I've always had a rather strange relationship with words. I'm not sure exactly how to describe what I mean by that other then to say that they always seemed to affect me more intensely then they should have. Words, for me...even as a young boy had power, a lot of power.
I suspect I always was fascinated by words because I was always a reader...my earliest memories always include significant books, poems and even comic books I was reading.
I think the next really significant relationship i had with words was related to music. I like many young folks was absolutely taken away with music, I still am as a matter of fact. Well song lyrics became another huge influence and I was always attracted to music that had really interesting lyrics: bands like The Doors, Beatles, Jethro Tull, Pink Floyd, Led Zeppelin and the list goes on and on.

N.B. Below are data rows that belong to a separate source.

Lemma rank_to_1_ex (R : realType) (k : nat) (M : nat -> 'M[R]_k) :
  rank_to_1 M -> exists n, (0 < n)%N && (\rank (M n) == 1%N).
Proof.
move=> [m Hm]; exists m.+1; rewrite ltn0Sn /=; apply/eqP; apply: Hm.
exact: leqnSn.
Qed.

Definition N0_of (R : realType) (k : nat) (M : nat -> 'M[R]_k) : nat :=
  match pselect (rank_to_1 M) with
  | left H => ex_minn (rank_to_1_ex H)
  | right _ => 1%N
  end.

Definition N0plus (R : realType) (k : nat) (w : Omega k) : nat :=
  N0_of (fun n => P0 R n w).

Definition N0minus (R : realType) (k : nat) (w : Omega k) : nat :=
  N0_of (fun n => P0 R n (theta (- n%:Z) w)).

From HB Require Import structures.
From mathcomp Require Import all_boot all_order all_algebra.
From mathcomp Require Import all_classical all_reals all_analysis.
From mathcomp Require Import ring zify.
Import Order.TTheory GRing.Theory Num.Theory.
Import numFieldNormedType.Exports.
Local Open Scope classical_set_scope.
Local Open Scope ring_scope.
Set Implicit Arguments. Unset Strict Implicit. Unset Printing Implicit Defensive.

(* A matrix of M has exactly one entry 1 per column, so it is the matrix of a
   map a : K -> K, and products of such matrices are matrices of composite
   maps.  Hence P^0(n,w) is the matrix of the forward composite
   a_{n-1} o ... o a_0, and A_{-1} ... A_{-n} that of the backward composite
   a_{-1} o ... o a_{-n}; such a matrix has rank one, i.e. all its columns
   coincide, exactly when the map is constant.  A composite becomes constant
   as soon as one factor is, and a backward composite then keeps its value.
   Two probabilistic facts are needed: mu-a.e. some coordinate along any
   injective sequence of positions is a constant map (the first n of them are
   all non-constant with probability at most ((k^k-1)/k^k)^n), and mu is
   invariant under the shift (uniqueness of measures agreeing on cylinders). *)

Definition const_map (X Y : Type) (f : X -> Y) : Prop := forall x y, f x = f y.

Definition const_mapb (X : finType) (Y : eqType) (f : X -> Y) : bool :=
  [forall x, [forall y, f x == f y]].

Lemma const_mapP (X : finType) (Y : eqType) (f : X -> Y) :
  reflect (const_map f) (const_mapb f).
Proof.
apply: (iffP forallP) => [H x y|H x]; first by move/forallP: (H x) => /(_ y) /eqP.
by apply/forallP => y; rewrite (H x y).
Qed.

Section Composites.
Variable k : nat.
Implicit Types (w : Omega k) (t : int) (n m : nat).

Fixpoint seg t n w : 'I_k -> 'I_k :=
  match n with 0 => id | n'.+1 => fun j => w (t + n'%:Z) (seg t n' w j) end.

Definition fwd n w : 'I_k -> 'I_k := seg 0 n w.
Definition bwd n w : 'I_k -> 'I_k := seg (- n%:Z) n w.

Definition window t n : seq int := [seq t + i%:Z | i <- iota 0 n].

Lemma seg_window t n w w' : (forall z, z \in window t n -> w z = w' z) ->
  forall j, seg t n w j = seg t n w' j.
Proof.
have windowS z n' : (z \in window t n'.+1) = (z \in window t n') || (z == t + n'%:Z).
  by rewrite /window -addn1 iotaD map_cat mem_cat /= inE add0n.
elim: n => //= n IH H j; rewrite H ?IH ?windowS ?eqxx ?orbT //.
by move=> z zw; apply: H; rewrite windowS zw.
Qed.

Lemma seg_split t a b w j : seg t (a + b) w j = seg (t + b%:Z) a w (seg t b w j).
Proof.
elim: a j => //= a IH j; rewrite IH; congr (w _ _).
by rewrite PoszD addrA addrAC.
Qed.

Lemma seg_theta t n (s : int) w j : seg t n (theta s w) j = seg (t + s) n w j.
Proof. by elim: n j => //= n IH j; rewrite IH /theta; congr (w _ _); rewrite addrAC. Qed.

Lemma fwd_succ n w j : fwd n.+1 w j = w n%:Z (fwd n w j).
Proof. by rewrite /fwd /= add0r. Qed.

Lemma bwd_succ n w j : bwd n.+1 w j = bwd n w (w (- n.+1%:Z) j).
Proof.
rewrite /bwd -addn1 seg_split /= addr0; congr (seg _ _ _ _).
by rewrite PoszD opprD -addrA addNr addr0.
Qed.

Lemma fwd_theta_neg n w j : fwd n (theta (- n%:Z) w) j = bwd n w j.
Proof. by rewrite /fwd seg_theta add0r. Qed.

Lemma bwd_theta n m w j : bwd (n + m) (theta n%:Z w) j = fwd n w (bwd m w j).
Proof.
rewrite /bwd seg_theta seg_split /fwd.
by congr (seg _ _ _ (seg _ _ _ _)); rewrite PoszD; ring.
Qed.

Lemma fwd_const a b w : (a <= b)%N -> const_map (fwd a w) -> const_map (fwd b w).
Proof.
move=> ab ca i j; rewrite /fwd -(subnK ab) !seg_split.
by congr (seg _ _ _ _); apply: ca.
Qed.

Lemma bwd_const a b w : (a <= b)%N -> const_map (bwd a w) ->
  forall j, bwd b w j = bwd a w j.
Proof.
move=> ab ca j; rewrite /bwd -{1 2}(subnKC ab) seg_split.
have -> : - (a + (b - a))%N%:Z + (b - a)%N%:Z = - a%:Z by rewrite PoszD; ring.
exact: ca.
Qed.

Lemma bwd_const_map a b w : (a <= b)%N -> const_map (bwd a w) ->
  const_map (bwd b w).
Proof. by move=> ab ca i j; rewrite !(bwd_const ab ca); apply: ca. Qed.

Lemma seg_id t n w : (forall i, (i < n)%N -> w (t + i%:Z) = [ffun j => j]) ->
  forall j, seg t n w j = j.
Proof.
elim: n => //= n IH H j; rewrite IH; last by move=> i lt; apply: H; exact: ltnW.
by rewrite H // ffunE.
Qed.

End Composites.

Section MapMatrices.
Variable R : realType.

Definition fmx m n (f : 'I_n -> 'I_m) : 'M[R]_(m, n) :=
  \matrix_(i, j) (i == f j)%:R.

Lemma fmxM m n p (f : 'I_n -> 'I_m) (g : 'I_p -> 'I_n) :
  fmx f *m fmx g = fmx (fun j => f (g j)).
Proof.
apply/matrixP => i j; rewrite !mxE (bigD1 (g j)) //= !mxE eqxx mulr1 big1 ?addr0 //.
by move=> l /negbTE nl; rewrite !mxE eq_sym nl mulr0.
Qed.

Lemma fmx_ext m n (f g : 'I_n -> 'I_m) : (forall j, f j = g j) -> fmx f = fmx g.
Proof. by move=> H; apply/matrixP => i j; rewrite !mxE H. Qed.

Lemma fmx_e k (f : 'I_k -> 'I_k) (j : 'I_k) : fmx f *m e R j = e R (f j).
Proof.
apply/matrixP => i z; rewrite !mxE (bigD1 j) //= !mxE eqxx (ord1 z) eqxx mulr1 andbT.
by rewrite big1 ?addr0 // => l /negbTE nl; rewrite !mxE nl mulr0.
Qed.

Lemma e_inj k (i j : 'I_k) : e R i = e R j -> i = j.
Proof.
move/matrixP => /(_ i 0); rewrite !mxE !eqxx /=.
by case: eqP => // _ /eqP; rewrite oner_eq0.
Qed.

Lemma P0_fmx k n (w : Omega k) : P0 R n w = fmx (fwd n w).
Proof.
elim: n => /= [|n ->]; first by apply/matrixP => i j; rewrite !mxE.
by rewrite /mx_of -/(fmx _) fmxM; apply: fmx_ext => j; rewrite fwd_succ.
Qed.

Lemma Bprod_fmx k n (w : Omega k) : Bprod R n w = fmx (bwd n w).
Proof.
elim: n => /= [|n ->]; first by apply/matrixP => i j; rewrite !mxE.
by rewrite /mx_of -/(fmx _) fmxM; apply: fmx_ext => j; rewrite bwd_succ.
Qed.

(* the columns of fmx f are the vectors e_{f j} *)
Lemma cols_fmx k (f : 'I_k -> 'I_k) : cols_coincide (fmx f) <-> const_map f.
Proof.
split=> H i j.
  move: (H i j) => /matrixP /(_ (f i) 0); rewrite !mxE eqxx.
  by case: eqP => // _ /= /eqP; rewrite oner_eq0.
by apply/matrixP => a b; rewrite !mxE (H i j).
Qed.

Lemma trfmxM m n p (r : 'I_n -> 'I_m) (g : 'I_p -> 'I_m) i j :
  ((fmx r)^T *m fmx g) i j = (r i == g j)%:R.
Proof.
rewrite !mxE (bigD1 (g j)) //= !mxE eqxx mulr1 big1 ?addr0 ?(eq_sym (g j)) //.
by move=> l /negbTE nl; rewrite !mxE nl mulr0.
Qed.
Lemma size_reduction (R : archiRealFieldType) n (T : 'M[int]_n) :
  is_trig_mx T -> (T%:~M : 'M[R]_n) \in unitmx ->
  exists2 L : 'M[int]_n, L \in unitmx &
    let D : 'M[R]_n := L%:~M *m invmx T%:~M in
    is_trig_mx D /\ forall i j, `|D i j| <= 1.
Proof.
move=> trigT uT; set C := invmx T%:~M.
have trigTR := map_intr_trig R trigT.
have trigC : is_trig_mx C by apply: trig_invmx.
have C_diag i : `|C i i| <= 1.
  have Tii : 1 <= `|(T i i)%:~R : R|.
    move: uT; rewrite unitmxE det_trig // unitfE => /prodf_neq0/(_ i isT).
    by rewrite mxE; apply: norm_intr_ge1; apply: intr_int.
  have := mulmx_trig_diag i trigC trigTR; rewrite mulVmx // !mxE eqxx.
  move=> /(congr1 Num.norm); rewrite normr1 normrM => ->.
  by rewrite ler_peMr.
(* With [L = 1 - F T], [D] is [C - F]: the fractional parts of [C] below the diagonal. *)
pose F : 'M[int]_n := \matrix_(i, j) if (j < i)%N then Num.floor (C i j) else 0.
have strictF : strict_trig_mx F by move=> i j le_ij; rewrite mxE ltnNge le_ij.
exists (1%:M - F *m T); first exact/unitmx_1B_strict_trig/strict_trig_mulmx.
rewrite /= map_mxB map_mx1 map_mxM mulmxBl mul1mx mulmxK //; split.
  apply/is_trig_mxP => i j lt_ij.
  by rewrite !mxE (is_trig_mxP trigC) // ltnNge (ltnW lt_ij) subr0.
move=> i j; rewrite !mxE; case: ltngtP => [lt_ji|lt_ij|/val_inj ->].
- have /andP[le_floor lt_floor] := floor_itv (C i j).
  by rewrite ger0_norm ?subr_ge0 // lerBlDl; rewrite intrD in lt_floor; exact: ltW.
- by rewrite (is_trig_mxP trigC) // subr0 normr0.
- by rewrite subr0.
Qed.

Lemma norm1_row_trig_mulmx (R : realType) n (D W : 'M[R]_n) (k : 'I_n) b :
  is_trig_mx D -> (forall i j, `|D i j| <= 1) ->
  (forall j : 'I_n, (j <= k)%N -> norm1 (row j W) <= b) ->
  norm1 (row k (D *m W)) <= n%:R * b.
Proof.
move=> /is_trig_mxP trigD D_le1 Wb; have b_ge0 := le_trans (norm1_ge0 _) (Wb k (leqnn k)).
rewrite row_mul mulmx_sum_row; apply: le_trans (norm1_sum _) _.
rewrite mulr_natl -[n in _ *+ n]card_ord -sumr_const; apply: ler_sum => j _.
rewrite norm1Z mxE; have [le_jk|lt_kj] := leqP j k; last by rewrite trigD ?normr0 ?mul0r.
by rewrite -[b]mul1r ler_pM ?norm1_ge0 ?Wb.
Qed.

Section NestedSupports.
Variables (R : realType) (n : nat).
Implicit Types x y : 'rV[R]_n.

Lemma support_shift_subproof x y :
  exists m : 'I_n.+1, [forall h, (x 0 h != 0) ==> (y 0 h + m%:R * x 0 h != 0)].
Proof.
(* Each [h] with [x 0 h != 0] rules out at most one of the [n.+1] shifts. *)
apply/existsP; apply: contraT; rewrite negb_exists => /forallP bad.
have /fin_all_exists[f hf] : forall m : 'I_n.+1,
    exists h, (x 0 h != 0) && (y 0 h + m%:R * x 0 h == 0).
  move=> m; have := bad m; rewrite negb_forall => /existsP[h].
  by rewrite negb_imply negbK; exists h.
suff /leq_card : injective f by rewrite !card_ord ltnn.
move=> m1 m2 f12; have /andP[x1 /eqP e1] := hf m1; have /andP[_ /eqP e2] := hf m2.
rewrite -f12 in e2; apply/val_inj/eqP; rewrite -(eqr_nat R) -(inj_eq (mulIf x1)).
by rewrite -(inj_eq (addrI (y 0 (f m1)))) e1 e2.
Qed.

Definition support_shift x y : nat := xchoose (support_shift_subproof x y).

Lemma support_shift_le x y : (support_shift x y <= n)%N.
Proof. by rewrite -ltnS ltn_ord. Qed.

Lemma nzidx_support_shift x y : nzidx x `<=` nzidx (y + (support_shift x y)%:R *: x).
Proof.
move=> h /= xh; have /forallP/(_ h) := xchooseP (support_shift_subproof x y).
by rewrite xh /nzidx /= !mxE.
Qed.

Variable v : nat -> 'rV[R]_n.

Fixpoint nested k :=
  if k is k'.+1 then v k + (support_shift (nested k') (v k))%:R *: nested k' else v 0.

Lemma nzidx_nested k : nzidx (nested k) `<=` nzidx (nested k.+1).
Proof. exact: nzidx_support_shift. Qed.

Lemma norm1_nested k b :
  (forall j, (j <= k)%N -> norm1 (v j) <= b) -> norm1 (nested k) <= n.+1%:R ^+ k * b.
Proof.
elim: k => [|k IH] vb /=; first by rewrite expr0 mul1r vb.
have b_ge0 : 0 <= b := le_trans (norm1_ge0 _) (vb 0%N isT).
have IHk := IH (fun j le_jk => vb j (leqW le_jk)).
apply: (le_trans (norm1D _ _)); rewrite norm1Z ger0_norm // exprS.
set P := n.+1%:R ^+ k in IHk *; set s := (support_shift _ _)%:R.
have P_ge1 : 1 <= P by rewrite exprn_ege1 // ler1n.
have s_le : s <= n%:R by rewrite ler_nat support_shift_le.
have := vb k.+1 (leqnn _); have := norm1_ge0 (nested k); have := ler0n R n.
rewrite -natr1; nra.
Qed.

End NestedSupports.

Lemma nested_rows_mx (R : realType) n (V : 'M[R]_n) :
  exists2 L : 'M[int]_n, L \in unitmx &
    (forall s t : 'I_n, t = s.+1 :> nat ->
       nzidx (row s (L%:~M *m V)) `<=` nzidx (row t (L%:~M *m V))) /\
    (forall (s : 'I_n) b, (forall j : 'I_n, (j <= s)%N -> norm1 (row j V) <= b) ->
       norm1 (row s (L%:~M *m V)) <= n.+1%:R ^+ s * b).
Proof.
case: n V => [|n] V; first by exists 1%:M; [exact: unitmx1 | split=> -[]].
pose v j := row (inord j) V.
have vE (k : 'I_n.+1) : v k = row k V by rewrite /v inord_val.
pose V' := \matrix_(k < n.+1) nested v k.
pose N : 'M[int]_n.+1 := \matrix_(k, j)
  if k == j.+1 :> nat then (support_shift (nested v j) (v k))%:Z else 0.
have strictN : strict_trig_mx N by move=> k j le_kj; rewrite mxE ltn_eqF.
have defV' : V' = V + N%:~M *m V'.
  apply/row_matrixP => k; rewrite linearD /= row_mul rowK mulmx_sum_row -vE.
  case: k => [[|k] lt_k] /=.
    by rewrite big1 ?addr0 // => j _; rewrite !mxE scale0r.
  rewrite (bigD1 (inord k)) //= big1 ?addr0 => [|j]; last first.
    move=> jk; rewrite !mxE eqSS; case: eqP => [kj|_]; last by rewrite scale0r.
    by rewrite kj inord_val eqxx in jk.
  by rewrite !mxE inordK 1?ltnW // eqxx pmulrn rowK inordK 1?ltnW.
have [L uL defL] := strict_trig_fixpoint_mx strictN defV'.
exists L => //; rewrite -defL; split=> [s t ts | s b Vb]; rewrite !rowK.
  by rewrite ts; apply: nzidx_nested.
apply: norm1_nested => j le_js; rewrite /v; apply: Vb.
by rewrite inordK // (leq_ltn_trans le_js).
Qed.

But reading books and lingering on interesting words was always my first passion. I think that is why I find writing Shell Shock Serenade so satisfying...It most certainly provides and emotional outlet to discuss what has happened to me and what is still going on in my life. But it also allows me to share that story..as difficult as that can be with others who would never get to hear it otherwise.
Lastly...writing this blog as tapped in to a deep desire to create...something, some type of art and I believe that writing has become that passion.
It certainly hasn't been easy and writing doesn't come naturally to me. I think most folks can tell that I have no professional or educational background in writing or English for that matter. My interest and what ability I have is really come from reading and my passionate interest in words.
I'll confess that I am still rather surprised that I have really become as involved in posting on Shell Shock as I have. It has become a real joy for me. Not that I like digging deep into my emotional recesses to continually bring up painful memories but doing so has been incredibly rewarding on many levels.
Most everything that I have posted were things I already knew about myself, with a few exceptions where writing a post sparked a memory I hadn't remembered before. Yet the funny thing is by actually sitting down and committing those thoughts and feelings to the written word I discovered much deeper meanings and subtle realities I hadn't noticed before.
I am sure that is why journaling is so encouraged as a tool to help folks dealing with sorrow/grief or difficult/confusing issues in their lives. It has been remarkably helpful in that regard to me as well.
I am the first to tell people who ask about blogging to just do it...write. it doesn't really matter what about but in this day and age we have the technology and the tools to make doing it quite simple. Don't be intimidated by it at all. Write! Just write and do it right away. No time is better then the present so what in the world could you possibly be waiting for.....
It is hard to relate to someone else just exactly how liberating sharing on Shell Shock has been, how many good people I have had a chance to meet (online anyway) and what fun it has been to do it on a regular basis. I've learned a great deal about myself of course but by sharing that stuff about me I have also learned about life in general and people as well.